[Collected data]
((
Definition blocked_bitF : form :=
  FEx vW tBound
    (FAnd (FExp2 vW vL) (FAnd (FLe TOne (TVar vL)) (FAnd (FLe tU (TVar vW)) bitF))).

Definition itaddF : form := FEx vL tBound blocked_bitF.

Lemma evalF_blocked_bitF a :
  evalF a blocked_bitF =
  [&& 2 ^ nv a vL < valU a + valU a + 3, 0 < nv a vL, valU a <= 2 ^ nv a vL
    & odd (itsum (valU a) (Yrel a) %/ 2 ^ nv a yhat)].
Proof.
rewrite evalF_FEx.
under eq_has => W do
  rewrite evalF_FAnd (evalF_FExp2 _ _ (isT : 3 < vW)) nv_upd_eq (nv_upd_gt _ _ (isT : vW < vL)).
rewrite has_eq_iota; congr andb.
rewrite evalF_FAnd evalF_FLe evalT_TVar (nv_upd_gt _ _ (isT : vW < vL)).
rewrite evalF_FAnd evalF_FLe evalT_tU evalT_TVar nv_upd_eq valU_upd.
have [-> // | L_gt0] := posnP (nv a vL); have [le_U | //] := boolP (valU a <= 2 ^ nv a vL).
have bl : blocklen (upd a vW (2 ^ nv a vL)) (nv a vL).
  by rewrite /blocklen (nv_upd_gt _ _ (isT : vW < vL)) nv_upd_eq.
rewrite (evalF_bitF L_gt0 bl) valU_upd Yrel_upd (nv_upd_neq _ _ (isT : yhat != vW)).
by rewrite -odd_itsum_div.
Qed.

Lemma evalF_itaddF a : evalF a itaddF = odd (itsum (valU a) (Yrel a) %/ 2 ^ nv a yhat).
Proof.
rewrite evalF_FEx; under eq_has => L do
  rewrite evalF_blocked_bitF nv_upd_eq valU_upd Yrel_upd (nv_upd_neq _ _ (isT : yhat != vL)).
apply/hasP/idP => [[L _ /and4P[_ _ _ //]] | bit_y].
have [L [L_gt0 le_U lt_2L]] := exists_blocklen (valU a).
exists L; last by rewrite lt_2L L_gt0 le_U bit_y.
by rewrite mem_iota /= (ltn_trans (ltn_expl L (isT : 1 < 2)) lt_2L).
Qed.

Theorem lemma3p10 :
  exists (s_itadd : form) (bd_s_itadd : term),
    forall a : assignment,
      bitval a s_itadd bd_s_itadd = \sum_(i < valU a) YU a i.
Proof.
exists itaddF, (TAdd tU tU) => a.
rewrite /bitval evalT_TAdd evalT_tU.
under eq_bigl => y do rewrite evalF_itaddF nv_upd_eq valU_upd Yrel_upd.
exact: binary_expansion (itsum_lt _ _).
Qed.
))
In the entries, find every line holding "Definition" and copy it.

Definition blocked_bitF : form :=
Definition itaddF : form := FEx vL tBound blocked_bitF.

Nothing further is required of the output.